(Stored items)
(* A position function [pos] on the vertices is a path embedding when it is
   injective, every edge joins two consecutive positions, and distinct edges have
   distinct lower ends (so no two edges are parallel).  Graphs with a path
   embedding are exactly the disjoint unions of paths: list the vertices by
   position and cut the list wherever two neighbours are not adjacent.

   If sp H = 0, then H has a unique shortest path through all its vertices.  Such
   a path has no chords (they would shorten it) and no edge parallel to one of its
   edges (it would give a second path of the same length), so its vertex order is
   a path embedding of H.  Path embeddings pass to minors: for deletions restrict
   them, and contracting the edge between positions m and m+1 merges these two
   positions and shifts the later ones down by one.  Conversely, laying out the
   paths of G one after the other embeds G as a spanning subgraph of the path on
   |V(G)| vertices, whose spectator number is 0. *)

Section GraphBasics.
Variable G : graph.
Implicit Types (e : gE G) (x y : gV G).

Lemma joinsP e x y : joins e x y ->
  ((gends e).1 = x /\ (gends e).2 = y) \/ ((gends e).1 = y /\ (gends e).2 = x).
Proof. by rewrite /joins; case: (gends e) => p q /orP[] /eqP[-> ->]; [left | right]. Qed.

Lemma joinsC e x y : joins e x y = joins e y x.
Proof. by rewrite /joins orbC. Qed.

Lemma joins_ends e : joins e (gends e).1 (gends e).2.
Proof. by rewrite /joins -surjective_pairing eqxx. Qed.

Lemma is_pathP (vs : seq (gV G)) (es : seq (gE G)) :
  is_path vs es <->
  [/\ size vs = (size es).+1, uniq vs &
      forall e0 x0 k, k < size es -> joins (nth e0 es k) (nth x0 vs k) (nth x0 vs k.+1)].
Proof.
have size_zip_path : size vs = (size es).+1 ->
    size (zip es (zip vs (behead vs))) = size es.
  by move=> Hs; rewrite !size_zip size_behead Hs /=; lia.
have nth_zip_path e0 x0 k : size vs = (size es).+1 -> k < size es ->
    nth (e0, (x0, x0)) (zip es (zip vs (behead vs))) k =
    (nth e0 es k, (nth x0 vs k, nth x0 vs k.+1)).
  move=> Hs Hk; rewrite nth_zip_cond size_zip_path // Hk /= nth_zip_cond.
  by rewrite size_zip size_behead Hs /= (_ : minn _ _ = size es) ?Hk ?nth_behead //; lia.
split=> [/and3P[/eqP Hs Hu /allP Ha] | [Hs Hu Ha]].
  split=> // e0 x0 k Hk.
  have Hk' : k < size (zip es (zip vs (behead vs))) by rewrite size_zip_path.
  by have := Ha _ (mem_nth (e0, (x0, x0)) Hk'); rewrite nth_zip_path.
apply/and3P; split; rewrite ?Hs //.
apply/allP => -[e0 [x0 y0]] /(nthP (e0, (x0, x0)))[k].
by rewrite size_zip_path // => Hk <-; rewrite nth_zip_path //; apply: Ha.
Qed.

### Goal of the exercise
The reply should consist of one number, the count of lines above with the string "apply" in them.

### Expected output
3